(WHAT IS BEING ASKED): Both the line below containing "rewrite sumr_const card_ord" and the line containing "(forall (ymax : R)", along with every line between them, should be repeated exactly; no other line belongs in the answer.

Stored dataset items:
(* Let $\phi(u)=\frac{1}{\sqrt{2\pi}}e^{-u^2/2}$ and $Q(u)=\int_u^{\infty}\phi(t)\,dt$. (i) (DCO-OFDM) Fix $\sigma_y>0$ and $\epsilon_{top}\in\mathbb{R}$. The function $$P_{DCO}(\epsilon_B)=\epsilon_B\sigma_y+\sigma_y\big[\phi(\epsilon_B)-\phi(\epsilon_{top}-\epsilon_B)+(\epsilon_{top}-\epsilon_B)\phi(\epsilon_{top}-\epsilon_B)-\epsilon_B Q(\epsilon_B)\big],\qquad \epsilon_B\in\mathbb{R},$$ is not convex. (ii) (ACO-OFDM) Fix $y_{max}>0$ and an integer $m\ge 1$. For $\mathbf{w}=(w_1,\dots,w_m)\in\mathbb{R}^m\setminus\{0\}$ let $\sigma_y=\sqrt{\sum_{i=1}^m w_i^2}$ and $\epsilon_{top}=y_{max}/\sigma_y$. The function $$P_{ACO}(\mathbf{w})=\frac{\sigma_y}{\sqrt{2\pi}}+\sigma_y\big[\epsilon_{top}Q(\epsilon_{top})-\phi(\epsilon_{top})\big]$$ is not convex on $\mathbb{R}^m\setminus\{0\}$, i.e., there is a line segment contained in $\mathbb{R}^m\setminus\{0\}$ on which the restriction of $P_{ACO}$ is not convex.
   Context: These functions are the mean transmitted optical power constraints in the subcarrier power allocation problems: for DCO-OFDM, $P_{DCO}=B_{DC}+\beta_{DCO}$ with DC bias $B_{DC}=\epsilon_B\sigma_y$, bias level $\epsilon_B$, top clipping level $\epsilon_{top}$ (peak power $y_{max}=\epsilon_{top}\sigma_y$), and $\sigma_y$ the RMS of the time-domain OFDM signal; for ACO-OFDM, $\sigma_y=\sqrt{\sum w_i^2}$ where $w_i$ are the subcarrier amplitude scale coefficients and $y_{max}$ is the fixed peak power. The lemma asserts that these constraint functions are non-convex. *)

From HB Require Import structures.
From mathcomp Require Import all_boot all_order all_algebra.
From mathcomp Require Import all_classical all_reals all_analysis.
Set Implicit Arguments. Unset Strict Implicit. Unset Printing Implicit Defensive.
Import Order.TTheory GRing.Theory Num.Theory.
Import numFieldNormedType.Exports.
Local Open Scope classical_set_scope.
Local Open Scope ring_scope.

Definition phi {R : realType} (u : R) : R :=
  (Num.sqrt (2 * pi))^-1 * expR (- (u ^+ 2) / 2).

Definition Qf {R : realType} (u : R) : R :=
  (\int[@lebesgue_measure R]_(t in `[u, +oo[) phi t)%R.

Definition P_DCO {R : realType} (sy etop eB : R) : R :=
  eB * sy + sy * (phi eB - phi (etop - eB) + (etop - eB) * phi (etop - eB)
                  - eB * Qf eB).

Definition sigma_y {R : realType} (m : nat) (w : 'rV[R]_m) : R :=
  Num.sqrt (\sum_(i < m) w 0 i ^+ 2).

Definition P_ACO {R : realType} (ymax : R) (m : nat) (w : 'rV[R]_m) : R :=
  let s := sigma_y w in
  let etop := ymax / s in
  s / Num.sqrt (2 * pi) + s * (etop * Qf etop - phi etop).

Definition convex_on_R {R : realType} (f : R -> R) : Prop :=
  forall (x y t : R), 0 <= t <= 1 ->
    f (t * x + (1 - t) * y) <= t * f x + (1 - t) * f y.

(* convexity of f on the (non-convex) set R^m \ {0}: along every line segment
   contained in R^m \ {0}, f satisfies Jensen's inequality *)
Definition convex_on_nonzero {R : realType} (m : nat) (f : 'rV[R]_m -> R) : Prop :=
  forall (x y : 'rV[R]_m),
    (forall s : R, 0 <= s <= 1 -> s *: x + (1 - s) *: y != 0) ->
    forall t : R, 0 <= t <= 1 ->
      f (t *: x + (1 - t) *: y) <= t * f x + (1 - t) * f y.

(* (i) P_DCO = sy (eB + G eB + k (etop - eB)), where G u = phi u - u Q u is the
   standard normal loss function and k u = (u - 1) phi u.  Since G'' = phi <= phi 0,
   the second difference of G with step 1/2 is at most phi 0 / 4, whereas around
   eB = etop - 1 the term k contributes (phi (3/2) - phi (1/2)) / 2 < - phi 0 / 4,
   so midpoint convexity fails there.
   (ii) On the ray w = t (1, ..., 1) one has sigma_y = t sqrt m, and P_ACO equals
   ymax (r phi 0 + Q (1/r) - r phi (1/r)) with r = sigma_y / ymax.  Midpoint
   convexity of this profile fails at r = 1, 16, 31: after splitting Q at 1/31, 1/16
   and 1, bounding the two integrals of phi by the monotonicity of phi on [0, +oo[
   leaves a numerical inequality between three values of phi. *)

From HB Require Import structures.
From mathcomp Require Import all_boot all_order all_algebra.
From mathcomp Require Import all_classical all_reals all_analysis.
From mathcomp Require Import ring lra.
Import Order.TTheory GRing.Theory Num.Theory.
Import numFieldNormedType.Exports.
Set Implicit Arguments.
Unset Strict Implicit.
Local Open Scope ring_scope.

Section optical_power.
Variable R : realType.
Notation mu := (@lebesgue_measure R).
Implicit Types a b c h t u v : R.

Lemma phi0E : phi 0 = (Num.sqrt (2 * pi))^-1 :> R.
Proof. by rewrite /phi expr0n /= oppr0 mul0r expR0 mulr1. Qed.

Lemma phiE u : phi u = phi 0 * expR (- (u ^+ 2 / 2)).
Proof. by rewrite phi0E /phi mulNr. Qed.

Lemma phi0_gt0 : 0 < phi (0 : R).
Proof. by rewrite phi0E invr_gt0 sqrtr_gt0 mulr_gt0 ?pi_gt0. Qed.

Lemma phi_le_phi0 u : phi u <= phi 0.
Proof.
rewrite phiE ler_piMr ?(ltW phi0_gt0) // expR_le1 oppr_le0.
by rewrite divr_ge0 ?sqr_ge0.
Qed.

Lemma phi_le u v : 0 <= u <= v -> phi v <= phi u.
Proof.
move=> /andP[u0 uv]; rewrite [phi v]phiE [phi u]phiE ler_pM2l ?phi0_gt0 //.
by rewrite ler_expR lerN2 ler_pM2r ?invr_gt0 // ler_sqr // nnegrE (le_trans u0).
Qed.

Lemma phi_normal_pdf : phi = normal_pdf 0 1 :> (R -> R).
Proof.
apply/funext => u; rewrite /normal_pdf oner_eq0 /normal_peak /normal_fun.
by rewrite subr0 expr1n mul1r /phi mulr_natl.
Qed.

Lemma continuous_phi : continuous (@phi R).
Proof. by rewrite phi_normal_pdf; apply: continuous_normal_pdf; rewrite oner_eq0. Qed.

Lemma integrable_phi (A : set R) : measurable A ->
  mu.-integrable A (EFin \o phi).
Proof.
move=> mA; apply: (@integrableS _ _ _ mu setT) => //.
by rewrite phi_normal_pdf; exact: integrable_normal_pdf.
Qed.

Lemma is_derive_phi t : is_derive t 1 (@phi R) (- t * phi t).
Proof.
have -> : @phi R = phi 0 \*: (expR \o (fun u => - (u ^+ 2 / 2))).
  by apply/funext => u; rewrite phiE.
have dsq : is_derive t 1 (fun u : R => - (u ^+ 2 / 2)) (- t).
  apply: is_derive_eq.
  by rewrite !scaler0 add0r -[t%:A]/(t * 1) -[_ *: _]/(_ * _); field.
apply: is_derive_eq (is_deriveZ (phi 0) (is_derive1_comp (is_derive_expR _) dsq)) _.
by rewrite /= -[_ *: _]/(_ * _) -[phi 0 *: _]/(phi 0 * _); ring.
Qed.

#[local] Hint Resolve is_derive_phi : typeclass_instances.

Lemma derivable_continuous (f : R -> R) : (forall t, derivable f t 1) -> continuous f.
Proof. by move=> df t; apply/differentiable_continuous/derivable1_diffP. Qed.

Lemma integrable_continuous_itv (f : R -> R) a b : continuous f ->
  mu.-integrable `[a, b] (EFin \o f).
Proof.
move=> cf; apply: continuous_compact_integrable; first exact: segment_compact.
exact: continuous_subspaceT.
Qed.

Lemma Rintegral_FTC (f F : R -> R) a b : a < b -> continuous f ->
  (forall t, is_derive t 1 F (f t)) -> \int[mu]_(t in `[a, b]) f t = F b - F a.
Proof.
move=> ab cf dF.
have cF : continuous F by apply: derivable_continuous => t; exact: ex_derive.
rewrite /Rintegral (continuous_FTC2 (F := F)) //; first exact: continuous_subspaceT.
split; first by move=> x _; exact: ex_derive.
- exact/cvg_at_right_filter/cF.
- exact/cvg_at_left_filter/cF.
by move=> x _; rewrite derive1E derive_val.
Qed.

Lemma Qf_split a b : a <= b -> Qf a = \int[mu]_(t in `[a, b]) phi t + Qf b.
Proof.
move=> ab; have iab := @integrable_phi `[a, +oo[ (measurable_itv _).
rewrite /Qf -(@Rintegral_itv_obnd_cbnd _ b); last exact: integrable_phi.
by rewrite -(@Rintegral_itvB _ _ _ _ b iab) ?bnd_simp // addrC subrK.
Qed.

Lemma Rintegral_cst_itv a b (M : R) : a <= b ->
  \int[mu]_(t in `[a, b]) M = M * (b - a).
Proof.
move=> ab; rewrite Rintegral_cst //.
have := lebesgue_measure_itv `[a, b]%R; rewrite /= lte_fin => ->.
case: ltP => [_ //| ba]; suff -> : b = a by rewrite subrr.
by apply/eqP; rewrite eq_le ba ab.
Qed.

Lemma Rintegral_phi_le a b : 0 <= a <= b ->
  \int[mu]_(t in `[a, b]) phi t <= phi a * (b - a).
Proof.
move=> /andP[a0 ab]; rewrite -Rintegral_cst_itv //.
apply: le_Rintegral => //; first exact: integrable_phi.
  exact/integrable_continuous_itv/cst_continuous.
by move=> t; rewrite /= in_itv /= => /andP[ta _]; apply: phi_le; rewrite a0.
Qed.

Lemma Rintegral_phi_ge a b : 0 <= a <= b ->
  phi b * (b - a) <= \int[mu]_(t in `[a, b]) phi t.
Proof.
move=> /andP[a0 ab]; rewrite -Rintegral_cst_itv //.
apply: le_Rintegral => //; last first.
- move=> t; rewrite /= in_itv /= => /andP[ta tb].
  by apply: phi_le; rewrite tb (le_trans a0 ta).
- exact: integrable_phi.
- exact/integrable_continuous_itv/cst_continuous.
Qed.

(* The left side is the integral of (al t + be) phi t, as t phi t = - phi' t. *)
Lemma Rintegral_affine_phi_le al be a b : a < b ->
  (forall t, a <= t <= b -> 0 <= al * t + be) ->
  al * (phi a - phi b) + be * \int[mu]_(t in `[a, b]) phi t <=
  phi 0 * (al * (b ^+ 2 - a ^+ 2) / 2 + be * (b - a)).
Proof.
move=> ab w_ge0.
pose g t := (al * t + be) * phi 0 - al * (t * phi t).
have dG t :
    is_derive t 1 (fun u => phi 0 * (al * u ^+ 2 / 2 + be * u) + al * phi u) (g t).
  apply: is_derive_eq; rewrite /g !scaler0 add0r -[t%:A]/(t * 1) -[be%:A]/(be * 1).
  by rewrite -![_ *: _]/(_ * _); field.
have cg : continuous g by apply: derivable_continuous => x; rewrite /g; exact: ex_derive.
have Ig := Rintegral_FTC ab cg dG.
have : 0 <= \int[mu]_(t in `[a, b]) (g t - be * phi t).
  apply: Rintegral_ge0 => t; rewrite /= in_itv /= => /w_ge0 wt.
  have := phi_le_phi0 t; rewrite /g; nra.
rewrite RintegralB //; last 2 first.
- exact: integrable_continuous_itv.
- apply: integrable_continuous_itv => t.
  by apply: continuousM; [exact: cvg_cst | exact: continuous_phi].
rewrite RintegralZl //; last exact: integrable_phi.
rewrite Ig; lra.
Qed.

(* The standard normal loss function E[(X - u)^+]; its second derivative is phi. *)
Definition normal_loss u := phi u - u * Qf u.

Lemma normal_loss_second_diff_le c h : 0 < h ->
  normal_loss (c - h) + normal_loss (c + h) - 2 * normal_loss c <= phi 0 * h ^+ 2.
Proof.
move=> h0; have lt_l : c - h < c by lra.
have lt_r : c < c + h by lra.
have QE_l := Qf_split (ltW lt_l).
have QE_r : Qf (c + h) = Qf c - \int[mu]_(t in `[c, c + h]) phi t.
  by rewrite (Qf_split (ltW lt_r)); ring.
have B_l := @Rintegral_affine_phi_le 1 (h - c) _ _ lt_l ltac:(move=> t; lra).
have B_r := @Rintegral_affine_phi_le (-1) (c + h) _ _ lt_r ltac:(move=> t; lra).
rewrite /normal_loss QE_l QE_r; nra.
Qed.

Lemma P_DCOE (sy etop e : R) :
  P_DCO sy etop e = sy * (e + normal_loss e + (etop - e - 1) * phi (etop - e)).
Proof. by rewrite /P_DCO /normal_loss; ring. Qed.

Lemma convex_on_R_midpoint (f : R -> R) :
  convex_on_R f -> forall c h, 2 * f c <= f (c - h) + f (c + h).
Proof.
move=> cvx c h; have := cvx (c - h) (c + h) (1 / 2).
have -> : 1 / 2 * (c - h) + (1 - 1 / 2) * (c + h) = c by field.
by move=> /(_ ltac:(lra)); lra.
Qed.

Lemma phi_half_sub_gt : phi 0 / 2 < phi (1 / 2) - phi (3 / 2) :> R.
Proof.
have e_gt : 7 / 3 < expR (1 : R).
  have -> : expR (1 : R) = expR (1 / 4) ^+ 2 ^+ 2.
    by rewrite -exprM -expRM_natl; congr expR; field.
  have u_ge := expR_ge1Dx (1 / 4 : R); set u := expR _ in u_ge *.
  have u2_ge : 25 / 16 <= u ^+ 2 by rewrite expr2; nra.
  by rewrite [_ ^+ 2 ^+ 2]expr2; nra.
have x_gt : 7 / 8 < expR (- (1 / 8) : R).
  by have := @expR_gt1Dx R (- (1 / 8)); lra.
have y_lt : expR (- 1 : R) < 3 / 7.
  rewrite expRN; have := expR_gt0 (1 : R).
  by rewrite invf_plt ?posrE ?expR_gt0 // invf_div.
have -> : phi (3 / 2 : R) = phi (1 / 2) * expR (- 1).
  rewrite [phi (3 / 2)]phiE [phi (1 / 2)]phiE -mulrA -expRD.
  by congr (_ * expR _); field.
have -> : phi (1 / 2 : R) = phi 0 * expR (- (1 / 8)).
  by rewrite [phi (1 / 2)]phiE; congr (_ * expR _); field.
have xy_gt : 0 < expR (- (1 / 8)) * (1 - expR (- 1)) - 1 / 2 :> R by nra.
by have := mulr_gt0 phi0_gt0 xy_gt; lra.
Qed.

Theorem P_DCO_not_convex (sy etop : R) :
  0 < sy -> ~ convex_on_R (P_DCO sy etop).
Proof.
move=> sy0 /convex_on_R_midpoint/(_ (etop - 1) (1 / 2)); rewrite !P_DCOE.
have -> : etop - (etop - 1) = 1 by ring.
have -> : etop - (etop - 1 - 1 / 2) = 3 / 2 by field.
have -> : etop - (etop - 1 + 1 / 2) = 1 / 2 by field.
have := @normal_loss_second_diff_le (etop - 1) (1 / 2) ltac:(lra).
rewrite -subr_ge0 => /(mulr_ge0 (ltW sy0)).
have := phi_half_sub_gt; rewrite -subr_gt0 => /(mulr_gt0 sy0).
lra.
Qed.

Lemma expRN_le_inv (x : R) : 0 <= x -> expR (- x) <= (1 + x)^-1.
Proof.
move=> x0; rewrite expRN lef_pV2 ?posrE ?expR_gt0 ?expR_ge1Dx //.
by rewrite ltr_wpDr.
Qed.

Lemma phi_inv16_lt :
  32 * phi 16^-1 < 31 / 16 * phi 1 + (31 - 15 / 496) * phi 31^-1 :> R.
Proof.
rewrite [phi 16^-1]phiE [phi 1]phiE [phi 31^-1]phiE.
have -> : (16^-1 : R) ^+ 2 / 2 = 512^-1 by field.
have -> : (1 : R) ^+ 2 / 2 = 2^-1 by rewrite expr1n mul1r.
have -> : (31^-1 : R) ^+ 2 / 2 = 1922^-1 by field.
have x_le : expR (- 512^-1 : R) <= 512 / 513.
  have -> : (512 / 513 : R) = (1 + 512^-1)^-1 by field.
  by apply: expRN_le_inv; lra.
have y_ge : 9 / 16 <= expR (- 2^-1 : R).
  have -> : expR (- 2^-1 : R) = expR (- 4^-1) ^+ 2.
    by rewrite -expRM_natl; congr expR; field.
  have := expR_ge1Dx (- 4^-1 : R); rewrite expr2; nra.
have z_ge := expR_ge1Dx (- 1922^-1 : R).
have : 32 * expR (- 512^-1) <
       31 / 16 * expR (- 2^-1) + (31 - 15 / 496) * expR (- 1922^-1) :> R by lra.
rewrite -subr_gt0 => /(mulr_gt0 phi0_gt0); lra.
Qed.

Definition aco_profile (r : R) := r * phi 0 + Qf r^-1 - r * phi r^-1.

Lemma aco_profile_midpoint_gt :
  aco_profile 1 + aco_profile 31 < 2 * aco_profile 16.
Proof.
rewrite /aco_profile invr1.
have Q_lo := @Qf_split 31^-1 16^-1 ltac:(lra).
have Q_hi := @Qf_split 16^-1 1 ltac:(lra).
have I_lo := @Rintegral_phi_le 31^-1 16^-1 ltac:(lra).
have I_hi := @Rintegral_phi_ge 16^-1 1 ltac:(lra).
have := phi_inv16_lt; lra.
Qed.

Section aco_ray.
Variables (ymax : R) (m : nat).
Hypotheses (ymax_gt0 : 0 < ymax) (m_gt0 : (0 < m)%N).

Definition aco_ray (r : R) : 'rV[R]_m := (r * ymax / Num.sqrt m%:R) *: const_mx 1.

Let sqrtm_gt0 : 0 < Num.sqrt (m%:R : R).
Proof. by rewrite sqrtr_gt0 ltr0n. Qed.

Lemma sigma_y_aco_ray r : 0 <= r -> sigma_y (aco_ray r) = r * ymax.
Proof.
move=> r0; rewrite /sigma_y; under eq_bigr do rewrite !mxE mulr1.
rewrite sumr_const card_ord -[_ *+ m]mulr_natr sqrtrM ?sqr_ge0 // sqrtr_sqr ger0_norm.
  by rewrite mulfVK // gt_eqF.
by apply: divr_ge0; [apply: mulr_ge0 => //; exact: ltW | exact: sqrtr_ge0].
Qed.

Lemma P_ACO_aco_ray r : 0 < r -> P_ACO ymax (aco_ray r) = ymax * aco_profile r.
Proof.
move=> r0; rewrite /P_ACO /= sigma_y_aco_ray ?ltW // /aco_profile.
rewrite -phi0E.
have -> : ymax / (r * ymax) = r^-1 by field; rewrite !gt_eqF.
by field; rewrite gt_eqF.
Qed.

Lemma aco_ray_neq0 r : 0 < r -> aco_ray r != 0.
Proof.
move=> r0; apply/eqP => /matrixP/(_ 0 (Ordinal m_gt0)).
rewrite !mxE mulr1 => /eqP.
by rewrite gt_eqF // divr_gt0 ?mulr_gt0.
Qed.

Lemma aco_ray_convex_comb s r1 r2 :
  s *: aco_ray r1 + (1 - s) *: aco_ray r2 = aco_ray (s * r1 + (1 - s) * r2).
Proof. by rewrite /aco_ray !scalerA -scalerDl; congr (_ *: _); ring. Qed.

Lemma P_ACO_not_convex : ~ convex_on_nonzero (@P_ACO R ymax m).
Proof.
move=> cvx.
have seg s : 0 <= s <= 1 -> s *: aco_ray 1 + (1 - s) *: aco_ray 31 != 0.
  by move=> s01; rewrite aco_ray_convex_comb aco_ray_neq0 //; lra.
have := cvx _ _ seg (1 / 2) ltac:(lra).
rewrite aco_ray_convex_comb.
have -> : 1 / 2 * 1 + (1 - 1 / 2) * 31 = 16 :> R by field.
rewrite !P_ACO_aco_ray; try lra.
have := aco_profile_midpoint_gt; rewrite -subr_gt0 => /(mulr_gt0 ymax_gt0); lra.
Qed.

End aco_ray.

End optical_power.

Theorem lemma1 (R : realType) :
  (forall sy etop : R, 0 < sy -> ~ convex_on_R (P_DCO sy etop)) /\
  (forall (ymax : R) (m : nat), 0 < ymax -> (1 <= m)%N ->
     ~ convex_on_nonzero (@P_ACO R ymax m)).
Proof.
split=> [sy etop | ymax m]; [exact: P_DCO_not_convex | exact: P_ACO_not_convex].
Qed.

(RESULT):
rewrite sumr_const card_ord -[_ *+ m]mulr_natr sqrtrM ?sqr_ge0 // sqrtr_sqr ger0_norm.
  by rewrite mulfVK // gt_eqF.
by apply: divr_ge0; [apply: mulr_ge0 => //; exact: ltW | exact: sqrtr_ge0].
Qed.

Lemma P_ACO_aco_ray r : 0 < r -> P_ACO ymax (aco_ray r) = ymax * aco_profile r.
Proof.
move=> r0; rewrite /P_ACO /= sigma_y_aco_ray ?ltW // /aco_profile.
rewrite -phi0E.
have -> : ymax / (r * ymax) = r^-1 by field; rewrite !gt_eqF.
by field; rewrite gt_eqF.
Qed.

Lemma aco_ray_neq0 r : 0 < r -> aco_ray r != 0.
Proof.
move=> r0; apply/eqP => /matrixP/(_ 0 (Ordinal m_gt0)).
rewrite !mxE mulr1 => /eqP.
by rewrite gt_eqF // divr_gt0 ?mulr_gt0.
Qed.

Lemma aco_ray_convex_comb s r1 r2 :
  s *: aco_ray r1 + (1 - s) *: aco_ray r2 = aco_ray (s * r1 + (1 - s) * r2).
Proof. by rewrite /aco_ray !scalerA -scalerDl; congr (_ *: _); ring. Qed.

Lemma P_ACO_not_convex : ~ convex_on_nonzero (@P_ACO R ymax m).
Proof.
move=> cvx.
have seg s : 0 <= s <= 1 -> s *: aco_ray 1 + (1 - s) *: aco_ray 31 != 0.
  by move=> s01; rewrite aco_ray_convex_comb aco_ray_neq0 //; lra.
have := cvx _ _ seg (1 / 2) ltac:(lra).
rewrite aco_ray_convex_comb.
have -> : 1 / 2 * 1 + (1 - 1 / 2) * 31 = 16 :> R by field.
rewrite !P_ACO_aco_ray; try lra.
have := aco_profile_midpoint_gt; rewrite -subr_gt0 => /(mulr_gt0 ymax_gt0); lra.
Qed.

End aco_ray.

End optical_power.

Theorem lemma1 (R : realType) :
  (forall sy etop : R, 0 < sy -> ~ convex_on_R (P_DCO sy etop)) /\
  (forall (ymax : R) (m : nat), 0 < ymax -> (1 <= m)%N ->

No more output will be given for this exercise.